As laranjas e outras frutas na Botica e Hospital da Misericórdia de Penafiel.A laranja e a flor de laranjeira tiveram se...
01/09/2026

As laranjas e outras frutas na Botica e Hospital da Misericórdia de Penafiel.

A laranja e a flor de laranjeira tiveram sempre, ao longo dos séculos, um papel importantíssimo na medicina.
Nos finais do século XVIII e nos inícios do século XIX, o médico do partido da Câmara Municipal e da Santa Casa, António de Almeida, recomendava o sumo de laranja ou de moça, bem como, peras assadas e caldos de galinha com ervas, tais como azedas e borragens, para curar a febre tifoide.
Ainda o mesmo físico, para a cura da febre tifoide, referia a importância do "Cozimento" feito à base de chicória, escorcioneira, azedas, aleluia, entre outras, onde se infundiam tamarindos dissolvidos em cremor tártaro, adoçado com oximel simples ou xarope de casca de laranja, na quantidade de 4 onças.
António de Almeida sublinhou a importância, na 1.ª fase da febre tifoide, o uso de laranjas sobre diversas formas, para curar a dita doença.
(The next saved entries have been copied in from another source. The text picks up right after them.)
(* Hausdorff distance H_{hat d}; maxima over nonnegative values start at 0 *)
Definition hausdorff (d : S -> S -> R) (Y Z : seq (S -> R)) : R :=
  match Y, Z with
  | [::], [::] => 0
  | _, _ => Num.max (\big[Num.max/0]_(mu <- Y) lift_set d mu Z)
                    (\big[Num.max/0]_(eta <- Z) lift_set d eta Y)
  end.

Definition Delta (gamma : R) (delta : fts) (d : S -> S -> R) : S -> S -> R :=
  fun s t => gamma * \big[Num.max/0]_(a : A)
                       hausdorff d (deltaR delta s a) (deltaR delta t a).

Definition is_lfp (F : (S -> S -> R) -> (S -> S -> R)) (d : S -> S -> R) : Prop :=
  pum d /\ (forall s t, F d s t = d s t) /\
  (forall d', pum d' -> (forall s t, F d' s t = d' s t) ->
     forall s t, d s t <= d' s t).

End FTS.

From Pilot Require Import Defs.
From HB Require Import structures.
From mathcomp Require Import all_boot all_order all_algebra.
From mathcomp Require Import boolp classical_sets reals.
From mathcomp Require Import ring zify.
Set Implicit Arguments.
Unset Strict Implicit.
Unset Printing Implicit Defensive.
Import Order.TTheory GRing.Theory Num.Theory.
Local Open Scope ring_scope.

(* The infimum in the lifting is attained at a value that is already present.
   Given a coupling of cost r, let w be the largest of 0, 1, the entries of d
   and the membership degrees that is at most r; truncating min(mu u, eta v)
   at w wherever d u v > w yields again a coupling, of cost at most w.  Hence
   every entry of a fixpoint d of Delta is gamma times either another entry of
   d or a degree of M (or 0, 1).  Following the first alternative makes the
   entry grow strictly, so after fewer than |S|^2 steps d(s,t) = gamma^k c with
   k <= |S|^2 and c a degree of M, and ||gamma^k c|| <= k ||gamma|| + ||c||. *)

Lemma big_selective_ind (T I : Type) (op : T -> T -> T) (idx : T) (K : T -> Prop)
    (r : seq I) (P : pred I) (F : I -> T) :
  (forall x y, op x y = x \/ op x y = y) ->
  K idx -> (forall i, P i -> K (F i)) -> K (\big[op/idx]_(i <- r | P i) F i).
Proof.
by move=> op_sel K0 KF; apply: big_ind => // x y Kx Ky; case: (op_sel x y) => ->.
Qed.

Lemma max_sel (disp : Order.disp_t) (T : orderType disp) (x y : T) :
  Order.max x y = x \/ Order.max x y = y.
Proof. by case: leP; auto. Qed.

Lemma min_sel (disp : Order.disp_t) (T : orderType disp) (x y : T) :
  Order.min x y = x \/ Order.min x y = y.
Proof. by case: leP; auto. Qed.

Lemma inf_mem_seq (R : realType) (E : set R) (W : seq R) :
  0 \in W -> (forall r, E r -> exists2 e, E e /\ e \in W & e <= r) -> inf E \in W.
Proof.
move=> W0 E_W; have [[r0 Er0]|/nonemptyPn ->] := pselect (exists r, E r); last by rewrite inf0.
have [e0 [Ee0 We0] _] := E_W r0 Er0.
pose m := \big[Num.min/e0]_(w <- W | (w \in W) && `[< E w >]) w.
have [Em Wm] : E m /\ m \in W.
  apply: (big_selective_ind (K := fun z => E z /\ z \in W)) => //.
    exact: min_sel.
  by move=> w /andP[Ww /asboolP].
have m_lb : lbound E m.
  move=> r Er; have [e [Ee We] le_er] := E_W r Er.
  by apply: le_trans le_er; apply: ge_bigmin_seq; rewrite ?We ?asboolT.
suff -> : inf E = m by [].
by apply/le_anti; rewrite ge_inf ?lb_le_inf //; exists m.
Qed.

Section Couplings.
Variables (R : realType) (S : finType).
Implicit Types (d x : S -> S -> R) (mu eta : S -> R).

Definition coupling_cost d x : R :=
  \big[Num.max/0]_(u : S) \big[Num.max/0]_(v : S) Num.min (d u v) (x u v).

Definition truncated_coupling (w : R) d mu eta : S -> S -> R := fun u v =>
  if d u v <= w then Num.min (mu u) (eta v) else Num.min (Num.min (mu u) (eta v)) w.

Lemma coupling_transpose mu eta x :
  coupling mu eta x -> coupling eta mu (fun v u => x u v).
Proof. by case=> x_ge0 [x_mu x_eta]; split. Qed.

Lemma truncated_coupling_transpose w d mu eta u v :
  truncated_coupling w (fun v u => d u v) eta mu v u = truncated_coupling w d mu eta u v.
Proof. by rewrite /truncated_coupling minC. Qed.

Section Marginal.
Variables (mu eta : S -> R) (x : S -> S -> R).
Hypothesis x_coupling : coupling mu eta x.

Lemma coupling_marginal_ge0 u : 0 <= mu u.
Proof. by case: x_coupling => _ [<- _]; exact: bigmax_ge_id. Qed.

Lemma coupling_le_marginal u v : x u v <= mu u.
Proof. by case: x_coupling => _ [<- _]; exact: le_bigmax. Qed.

Lemma coupling_marginal_attained u : exists v, x u v = mu u.
Proof.
case: x_coupling => x_ge0 [x_mu _]; rewrite -x_mu.
by have [v _ ->] := eq_bigmax u xpredT (x u) isT (fun v _ => x_ge0 u v); exists v.
Qed.

End Marginal.

Section Truncation.
Variables (W : seq R) (w r : R).
Hypotheses (w_ge0 : 0 <= w) (w_max : forall y, y \in W -> y <= r -> y <= w).

Lemma truncated_coupling_marginal d mu eta x :
  coupling mu eta x -> (forall u v, Num.min (d u v) (x u v) <= r) ->
  (forall u v, d u v \in W) -> (forall u, mu u \in W) ->
  forall u, \big[Num.max/0]_(v : S) truncated_coupling w d mu eta u v = mu u.
Proof.
move=> x_coupling cost_le dW muW u.
apply/le_anti; rewrite bigmax_le ?(coupling_marginal_ge0 x_coupling u) //=; last first.
  by move=> v _; rewrite /truncated_coupling; case: ifP => _; rewrite !ge_min lexx.
have [v x_uv] := coupling_marginal_attained x_coupling u.
have mu_le_eta : mu u <= eta v.
  by rewrite -x_uv (coupling_le_marginal (coupling_transpose x_coupling)).
(* One of [d u v], [mu u] is at most [r], and both lie in [W]. *)
have d_or_mu_le_w : (d u v <= w) || (mu u <= w).
  move: (cost_le u v); rewrite x_uv ge_min.
  by case/orP=> [/(w_max (dW u v))|/(w_max (muW u))] ->; rewrite ?orbT.
suff <- : truncated_coupling w d mu eta u v = mu u by exact: le_bigmax.
rewrite /truncated_coupling (min_l mu_le_eta); case: ifP => //= d_gt_w.
by rewrite min_l //; move: d_or_mu_le_w; rewrite d_gt_w.
Qed.

Lemma truncated_coupling_is_coupling d mu eta x :
  coupling mu eta x -> (forall u v, Num.min (d u v) (x u v) <= r) ->
  (forall u v, d u v \in W) -> (forall u, mu u \in W) -> (forall v, eta v \in W) ->
  coupling mu eta (truncated_coupling w d mu eta).
Proof.
move=> x_coupling cost_le dW muW etaW; split; [|split].
- have mu0 := coupling_marginal_ge0 x_coupling.
  have eta0 := coupling_marginal_ge0 (coupling_transpose x_coupling).
  by move=> u v; rewrite /truncated_coupling; case: ifP => _; rewrite !le_min ?mu0 ?eta0.
- exact: truncated_coupling_marginal x_coupling cost_le dW muW.
- move=> v; have := truncated_coupling_marginal (coupling_transpose x_coupling)
    (fun v u => cost_le u v) (fun v u => dW u v) etaW v.
  by under eq_bigr do rewrite truncated_coupling_transpose.
Qed.

Lemma coupling_cost_truncated d mu eta :
  coupling_cost d (truncated_coupling w d mu eta) <= w.
Proof.
apply: bigmax_le => // u _; apply: bigmax_le => // v _.
by rewrite /truncated_coupling; case: ifP => d_le; rewrite ge_min ?d_le // ge_min lexx orbT.
Qed.

End Truncation.

Lemma coupling_cost_mem (W : seq R) d x :
  0 \in W -> (forall u v, d u v \in W) -> (forall u v, x u v \in W) ->
  coupling_cost d x \in W.
Proof.
move=> W0 dW xW; pose K z := z \in W.
apply: (big_selective_ind (K := K)) => // [|u _]; first exact: max_sel.
apply: (big_selective_ind (K := K)) => // [|v _]; first exact: max_sel.
by case: (min_sel (d u v) (x u v)) => ->; [exact: dW | exact: xW].
Qed.
(* Let $f$ and $F$ be the density and CDF of the standard Gaussian distribution. For every $\alpha\in(0,1)$ and every $z\in\mathbb{R}$, $$\frac{f(z)|z|^\alpha}{(1-F(z))^{1-\alpha}} \le \frac{2}{\alpha}.$$ *)

From Stdlib Require Import Reals Lra.
From Coquelicot Require Import Coquelicot.
Open Scope R_scope.

Definition gauss_pdf (x : R) : R := exp (- x ^ 2 / 2) / sqrt (2 * PI).

Definition gauss_cdf (z : R) : R :=
  RInt_gen gauss_pdf (Rbar_locally m_infty) (at_point z).

(* |x|^a for a > 0, with the convention 0^a = 0 *)
Definition abs_rpow (x a : R) : R :=
  if Req_EM_T x 0 then 0 else Rpower (Rabs x) a.

From Stdlib Require Import Reals Lra Classical.
From Coquelicot Require Import Coquelicot.
Open Scope R_scope.

(* Write Q = 1 - F. Feynman's trick shows that (int_0^x e^(-t^2/2) dt)^2
   + 2 int_0^1 e^(-x^2 (1+t^2)/2) / (1+t^2) dt has zero derivative, hence is
   constantly pi/2; so the Gaussian has mass at most 1/2 on each side of 0.
   Consequently Q(z) >= 1/2 - c/sqrt(2 pi) for z <= c, and Q(z) dominates
   every integral of f over [z, t], which with the derivative of
   -x f(x)/(1+x^2) being at most f gives the Mills-ratio bound
   Q(z) >= M(z) := z f(z)/(1+z^2) for z > 0.
   For z <= 5/7: f(z) |z|^a <= 1/sqrt(2 pi) <= 2 Q <= 2 Q^(1-a).
   For z > 5/7: f z^a = M^(1-a) f^a z (1 + 1/z^2)^(1-a), and
   a z f^a <= a z e^(-a z^2/2) <= 2/3, 1 + 1/z^2 <= 74/25, so
   a f z^a <= 2 M^(1-a) <= 2 Q^(1-a). *)

Definition gauss (t : R) : R := exp (- t ^ 2 / 2).

Definition gauss_int (x : R) : R := RInt gauss 0 x.

Definition feynman (x t : R) : R := exp (- (x ^ 2 * (1 + t ^ 2)) / 2) / (1 + t ^ 2).

Definition feynman_int (x : R) : R := RInt (feynman x) 0 1.

Lemma one_add_sqr_gt0 (t : R) : 0 < 1 + t ^ 2.
Proof. nra. Qed.

Lemma continuous_gauss (x : R) : continuous gauss x.
Proof.
  apply (ex_derive_continuous (K := R_AbsRing) (V := R_NormedModule)).
  unfold gauss; auto_derive; auto.
Qed.

Lemma ex_RInt_gauss (a b : R) : ex_RInt gauss a b.
Proof.
  apply (ex_RInt_continuous (V := R_CompleteNormedModule)); intros; apply continuous_gauss.
Qed.

Lemma is_derive_gauss_int (x : R) : is_derive gauss_int x (gauss x).
Proof.
  apply is_derive_RInt with (a := 0).
  - apply filter_forall; intros; apply (RInt_correct (V := R_CompleteNormedModule)), ex_RInt_gauss.
  - apply continuous_gauss.
Qed.

Lemma is_derive_feynman (x t : R) :
  is_derive (fun u => feynman u t) x (- x * exp (- (x ^ 2 * (1 + t ^ 2)) / 2)).
Proof.
  unfold feynman; auto_derive; [easy |].
  replace (- (x * (x * 1) * (1 + t * (t * 1))) * / 2) with (- (x ^ 2 * (1 + t ^ 2)) / 2)
    by field.
  field; generalize (one_add_sqr_gt0 t); lra.
Qed.

Lemma ex_RInt_feynman (x a b : R) : ex_RInt (feynman x) a b.
Proof.
  apply (ex_RInt_continuous (V := R_CompleteNormedModule)); intros t _.
  apply (ex_derive_continuous (K := R_AbsRing) (V := R_NormedModule)).
  unfold feynman; auto_derive; generalize (one_add_sqr_gt0 t); lra.
Qed.

Lemma continuity_2d_pt_feynman_derive (x t : R) :
  continuity_2d_pt (fun u v => Derive (fun z => feynman z v) u) x t.
Proof.
  apply continuity_2d_pt_ext with (f := fun u v => - u * exp (- (u ^ 2 * (1 + v ^ 2)) / 2)).
  { intros u v; symmetry; apply is_derive_unique, is_derive_feynman. }
  apply continuity_2d_pt_mult.
  - apply continuity_2d_pt_opp, continuity_2d_pt_id1.
  - apply continuity_1d_2d_pt_comp.
    { apply derivable_continuous_pt, derivable_pt_exp. }
    apply continuity_2d_pt_ext with (f := fun u v => u * u * (1 + v * v) * (- / 2)).
    { intros; simpl; field. }
    apply continuity_2d_pt_mult; [| apply continuity_2d_pt_const].
    apply continuity_2d_pt_mult.
    + apply continuity_2d_pt_mult; apply continuity_2d_pt_id1.
    + apply continuity_2d_pt_plus; [apply continuity_2d_pt_const |].
      apply continuity_2d_pt_mult; apply continuity_2d_pt_id2.
Qed.
(* Let $\mu\colon\mathbf 2\times\omega\to\omega$ be an injection. For every parsummable category $\mathcal C$ there is a (preferred) strong symmetric monoidal functor $\mu^*\mathcal C\to\Sigma(\mathcal C)$ which is an equivalence of underlying categories, and these functors are natural in morphisms of parsummable categories $\mathcal C\to\mathcal D$.
   Context: Let $\omega=\{1,2,\dots\}$, $\mathbf m=\{1,\dots,m\}$, $\mathcal M$ the monoid of injections $\omega\to\omega$, $E\mathcal M$ the category with objects $\mathcal M$ and unique morphisms between any two objects. A parsummable category is a small tame $E\mathcal M$-category $\mathcal C$ (strict $E\mathcal M$-action, $u_*$ the action of $u$, $[v,u]\colon u_*\Rightarrow v_*$ the isomorphism from $u\to v$; $\mathrm{supp}(X)$ the intersection of finite $A\subset\omega$ with $u_*X=X$ for all $u$ fixing $A$ pointwise; tame = all supports finite) with an object $0$ of empty support and a strictly unital, associative, commutative, $E\mathcal M$-equivariant functor $+$ on disjointly supported pairs; morphisms are strictly equivariant functors preserving $0$ and $+$. For a finite set $A$, injections $\phi,\phi'\colon A\times\omega\to\omega$ and $X_\bullet=(X_a)_{a\in A}$: $\phi_*(X_\bullet)=\sum_a\phi(a,-)_*(X_a)$, $[\phi',\phi]_{X_\bullet}=\sum_a[\phi'(a,-),\phi(a,-)]_{X_a}$. $\mu^*\mathcal C$ is the symmetric monoidal category with underlying category $\mathcal C$, tensor product $X\otimes Y=\mu_*(X,Y)$, unit $0$, left and right unit isomorphisms $[1,\mu(2,-)]_X$ and $[1,\mu(1,-)]_X$, symmetry $[\mu\circ(\pi\times\mathrm{id}),\mu]_{(X,Y)}$ with $\pi\in\Sigma_2$ the transposition, and associator $[\mu\circ(1\amalg\mu),\mu\circ(\mu\amalg1)]_{(X,Y,Z)}$, where $(1\amalg\mu)\colon\mathbf 3\times\omega\to\mathbf 2\times\omega$ is $(1,x)\mapsto(1,x)$, $(i,x)\mapsto(2,\mu(i-1,x))$ for $i\ge2$, and $\mu\amalg1$ is defined analogously; morphisms of parsummable categories are strict symmetric monoidal functors $\mu^*\mathcal C\to\mu^*\mathcal D$. $\Sigma(\mathcal C)$ is the permutative category whose objects are finite sequences $(X_1,\dots,X_m)$ of objects of $\mathcal C$, morphisms $(X_1,\dots,X_m)\to(Y_1,\dots,Y_n)$ are classes $[\psi,f,\phi]$ ($\phi\colon\mathbf m\times\omega\to\omega$, $\psi\colon\mathbf n\times\omega\to\omega$ injections, $f\colon\phi_*(X_\bullet)\to\psi_*(Y_\bullet)$) modulo $(\psi,f,\phi)\sim(\psi',[\psi',\psi]f[\phi,\phi'],\phi')$, composition $[\rho,g,\theta][\psi,f,\phi]=[\rho,g[\theta,\psi]f,\phi]$, tensor product concatenation on objects and $[\psi,f,\phi]\otimes[\rho,g,\theta]=[\psi+\rho,f+g,\phi+\theta]$ for representatives with disjoint images ($(\phi+\theta)(i,x)=\phi(i,x)$ for $i\le m$, $\theta(i-m,x)$ otherwise), symmetry $[\bar\phi,\mathrm{id},\phi]$ with $\bar\phi(i,x)=\phi(i+m,x)$ for $i\le n$ and $\phi(i-n,x)$ otherwise; $\Sigma(F)$ applies $F$ entrywise and sends $[\psi,f,\phi]$ to $[\psi,Ff,\phi]$. *)

From Stdlib Require Import ClassicalEpsilon Relations.Relation_Operators.
From HB Require Import structures.
From mathcomp Require Import all_boot.
(* The lattice $L_V(\mathbf{K}_1)$ of subvarieties of $\mathbf{K}_1$ is isomorphic to an $\omega+1$ chain.
   Context: A pseudocomplemented de Morgan algebra is $(L;\wedge,\vee,{}^\ast,{}^\prime,0,1)$ with bounded distributive lattice reduct, pseudocomplement ${}^\ast$ and de Morgan involution ${}^\prime$. $\mathbf{K}_1$ is the variety of such algebras satisfying $x\wedge x^{\prime\ast\prime}\le y\vee y^\ast$ (regularity), $x\wedge x'\le y\vee y'$ (Kleene), and $(x\wedge x^{\prime\ast})^{\prime\ast}=(x\wedge x^{\prime\ast})^{\prime\ast\prime\ast}$ (range $1$). $L_V(\mathbf{K}_1)$ is ordered by inclusion and includes the trivial variety. *)

Record pcdm := PCDM {
  car :> Type;
  meet : car -> car -> car;
  join : car -> car -> car;
  star : car -> car;
  dm   : car -> car;
  bot  : car;
  top  : car;
  meetA : forall x y z, meet x (meet y z) = meet (meet x y) z;
  joinA : forall x y z, join x (join y z) = join (join x y) z;
  meetC : forall x y, meet x y = meet y x;
  joinC : forall x y, join x y = join y x;
  meet_absorb : forall x y, meet x (join x y) = x;
  join_absorb : forall x y, join x (meet x y) = x;
  meet_joinDr : forall x y z, meet x (join y z) = join (meet x y) (meet x z);
  meet_bot : forall x, meet bot x = bot;
  meet_top : forall x, meet top x = x;
  star_spec : forall x y, meet x y = bot <-> meet y (star x) = y;
  dmK : forall x, dm (dm x) = x;
  dm_join : forall x y, dm (join x y) = meet (dm x) (dm y);
  dm_bot : dm bot = top
}.

Definition le (A : pcdm) (x y : A) : Prop := meet A x y = x.

Definition inK1 (A : pcdm) : Prop :=
  (* regularity axiom *)
  (forall x y : A, le A (meet A x (dm A (star A (dm A x)))) (join A y (star A y)))
  (* Kleene: x /\ x' <= y \/ y' *)
  /\ (forall x y : A, le A (meet A x (dm A x)) (join A y (dm A y)))
  (* range 1 axiom *)
  /\ (forall x : A,
        let u := meet A x (star A (dm A x)) in
        star A (dm A u) = star A (dm A (star A (dm A u)))).

Inductive term : Type :=
  | TVar : nat -> term
  | TMeet : term -> term -> term
  | TJoin : term -> term -> term
  | TStar : term -> term
  | TDm : term -> term
  | TZero : term
  | TOne : term.

Fixpoint eval (A : pcdm) (v : nat -> A) (t : term) : A :=
  match t with
  | TVar n => v n
  | TMeet s u => meet A (eval A v s) (eval A v u)
  | TJoin s u => join A (eval A v s) (eval A v u)
  | TStar s => star A (eval A v s)
  | TDm s => dm A (eval A v s)
  | TZero => bot A
  | TOne => top A
  end.

Definition identity := (term * term)%type.

Definition satisfies (A : pcdm) (e : identity) : Prop :=
  forall v : nat -> A, eval A v (fst e) = eval A v (snd e).

Definition ModK1 (S : identity -> Prop) (A : pcdm) : Prop :=
  inK1 A /\ (forall e, S e -> satisfies A e).

(** A class of algebras is a subvariety of K1 iff it is the class of members of
    K1 satisfying some set of identities (Birkhoff).  Classes are compared
    extensionally. *)
Definition subvariety_K1 (V : pcdm -> Prop) : Prop :=
  exists S : identity -> Prop, forall A, V A <-> ModK1 S A.

(** * The chain omega+1: [Some n] is n, [None] is the top element omega. *)
Definition le_omega1 (i j : option nat) : Prop :=
  match i, j with
  | _, None => True
  | None, Some _ => False
  | Some m, Some n => m <= n
  end.

(* An algebra of [K1] is separated by homomorphisms into the algebras [DB Z],
   two copies of the power set of [Z] stacked on each other.  The points [Z]
   come from prime filters: by the Kleene and regularity identities every
   prime filter [P] is an ultrafilter or has an ultrafilter as its de Morgan
   dual [{a | a' \notin P}], and by the range-1 identity the relation
   [dual M \subset N] is an equivalence on ultrafilters, whose classes give
   the homomorphisms.  A finitely generated subalgebra of [DB Z] is one of the
   finite algebras [D n] ([D 0] trivial, [D 1 = 2], [D n = DB] over [n - 1]
   points), which form a chain under embedding and are told apart by the
   identities [eid n] (Lee's identities for [n >= 2]).  So an identity failing in [A \in K1]
   fails in some [D n] satisfying all identities of [A], and a subvariety of
   [K1] is either [K1] or generated by the largest [D n] it contains. *)

From mathcomp Require Import ssreflect ssrfun ssrbool eqtype ssrnat seq fintype finfun.
From mathcomp Require Import boolp classical_sets.
From Stdlib Require Import Classical.

Set Implicit Arguments.
Unset Strict Implicit.
Unset Printing Implicit Defensive.

Section PcdmTheory.
Variable A : pcdm.
Implicit Types x y z : A.

Lemma meet_idem x : meet A x x = x.
Proof. by have := meet_absorb A x (meet A x x); rewrite join_absorb. Qed.

Lemma le_refl x : le A x x.
Proof. exact: meet_idem. Qed.

Lemma le_trans y x z : le A x y -> le A y z -> le A x z.
Proof. by rewrite /le => xy yz; rewrite -xy -meetA yz. Qed.

Lemma le_antisym x y : le A x y -> le A y x -> x = y.
Proof. by rewrite /le => xy yx; rewrite -xy meetC. Qed.

Lemma le_meetl x y : le A (meet A x y) x.
Proof. by rewrite /le (meetC A x y) -meetA meet_idem. Qed.

Lemma le_meetr x y : le A (meet A x y) y.
Proof. by rewrite /le -meetA meet_idem. Qed.

Lemma le_joinl x y : le A x (join A x y).
Proof. exact: meet_absorb. Qed.

Lemma le_joinr x y : le A y (join A x y).
Proof. rewrite joinC; exact: meet_absorb. Qed.

Lemma le_meet x y z : le A z x -> le A z y -> le A z (meet A x y).
Proof. by rewrite /le => zx zy; rewrite meetA zx zy. Qed.

Lemma le_join x y z : le A x z -> le A y z -> le A (join A x y) z.
Proof.
move=> xz yz; rewrite /le meetC meet_joinDr.
by rewrite meetC xz meetC yz.
Qed.

Lemma le0x x : le A (bot A) x.
Proof. exact: meet_bot. Qed.

Lemma lex1 x : le A x (top A).
Proof. by rewrite /le meetC meet_top. Qed.

Lemma lex0 x : le A x (bot A) -> x = bot A.
Proof. by move=> x0; apply: le_antisym x0 (le0x _). Qed.

Lemma meetSl x x' y : le A x x' -> le A (meet A x y) (meet A x' y).
Proof. by move=> xx'; apply: le_meet (le_meetr _ _); apply: le_trans (le_meetl _ _) xx'. Qed.

Lemma dm_top : dm A (top A) = bot A.
Proof. by rewrite -(dm_bot A) dmK. Qed.

Lemma dm_meet x y : dm A (meet A x y) = join A (dm A x) (dm A y).
Proof. by rewrite -[join A _ _]dmK dm_join !dmK. Qed.

Lemma dm_le x y : le A x y -> le A (dm A y) (dm A x).
Proof.
by rewrite /le => xy; rewrite -xy dm_meet; apply: le_joinr.
Qed.

Lemma meet_star x : meet A x (star A x) = bot A.
Proof. by apply/(star_spec A x (star A x)); rewrite meet_idem. Qed.

Lemma le_star x y : meet A y x = bot A -> le A y (star A x).
Proof. by move=> yx0; apply/(star_spec A x y); rewrite meetC. Qed.

Lemma le_starstar x : le A x (star A (star A x)).
Proof. exact/le_star/meet_star. Qed.

End PcdmTheory.

(* [DB Z] is the Boolean algebra of subsets of [Z] stacked on a second copy of
   itself: a pair [(U, V)] stands for [U] in the lower copy when [V] is empty
   and for [V] in the upper copy when [U] is all of [Z].  The de Morgan
   operation swaps the two copies, [(U, V)' = (~V, ~U)]. *)
Record dbool (Z : Type) := DBool {
  lo : Z -> Prop;
  hi : Z -> Prop;
  lo_hi : (forall z, lo z) \/ (forall z, ~ hi z) }.

Arguments DBool {Z}.

Section DoubledPowerset.
Variable Z : Type.
Implicit Types a b : dbool Z.

Lemma dbool_ext a b :
  (forall z, lo a z <-> lo b z) -> (forall z, hi a z <-> hi b z) -> a = b.
Proof.
case: a b => [U V UV] [U' V' UV'] /= eqU eqV.
have eU : U = U' by apply: funext => z; apply: propext.
have eV : V = V' by apply: funext => z; apply: propext.
by subst; rewrite (Prop_irrelevance UV UV').
Qed.

Lemma eq_lo a b z : a = b -> lo a z <-> lo b z.
Proof. by move->. Qed.

Lemma eq_hi a b z : a = b -> hi a z <-> hi b z.
Proof. by move->. Qed.

Definition dmeet a b : dbool Z.
Proof.
refine (DBool (fun z => lo a z /\ lo b z) (fun z => hi a z /\ hi b z) _).
by case: (lo_hi a) (lo_hi b); firstorder.
Defined.

Definition djoin a b : dbool Z.
Proof.
refine (DBool (fun z => lo a z \/ lo b z) (fun z => hi a z \/ hi b z) _).
by case: (lo_hi a) (lo_hi b); firstorder.
Defined.

Definition dstar a : dbool Z.
Proof.
refine (DBool (fun z => ~ lo a z) (fun _ => forall w, ~ lo a w) _).
by case: (classic (forall w, ~ lo a w)); firstorder.
Defined.

Definition ddm a : dbool Z.
Proof.
refine (DBool (fun z => ~ hi a z) (fun z => ~ lo a z) _).
by case: (lo_hi a); firstorder.
Defined.

Definition dbot : dbool Z :=
  DBool (fun _ => False) (fun _ => False) (or_intror (fun _ f => f)).
Theorem proposition5p1 (X : Type) (rho : X -> X -> R) (omega : R -> R)
  (theta : nat -> X)
  (Hmetric : is_metric rho) (Hcomplete : complete_space rho) (Hsep : separable rho)
  (Homega : admissible_modulus omega) (Hdense : dense_seq rho theta) :
  is_metric_on (C_omega rho omega) (d_Theta rho theta) /\
  complete_on (C_omega rho omega) (d_Theta rho theta) /\
  (forall (fk : nat -> X -> X) (f : X -> X),
     (forall k, C_omega rho omega (fk k)) -> C_omega rho omega f ->
     (converges_to (d_Theta rho theta) fk f <->
      forall x, converges_to rho (fun k => fk k x) (f x))).
Proof.
  (* [Hsep] is implied by [Hdense] and not needed. *)
  split; [|split].
  - apply d_Theta_metric_on_C_omega; assumption.
  - apply d_Theta_complete_on_C_omega; assumption.
  - intros fk f. apply converges_d_Theta_iff_pointwise; assumption.
Qed.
Na Botica da Santa Casa era, assim, usual encontrar-se para venda o xarope de casca de laranja e a própria botica adquiria em quantidade laranjas azedas para confecionar xaropes e infusões, para tratamento de diversas maleitas.
Não só as laranjas, mas outras frutas eram muito utilizadas para a confeção de variadas mezinhas, nomeadamente as tâmaras da Índia.
Contudo, o consumo excessivo de fruta por parte dos penafidelenses, nos finais da centúria de 700, inícios da centúria de 800, levou, também, a reparos por parte deste médico. Segundo ele, esse consumo excessivo levava a doenças como as diarreias e a coqueluche, sobretudo, porque, muitas vezes, eram consumidas ainda verdes.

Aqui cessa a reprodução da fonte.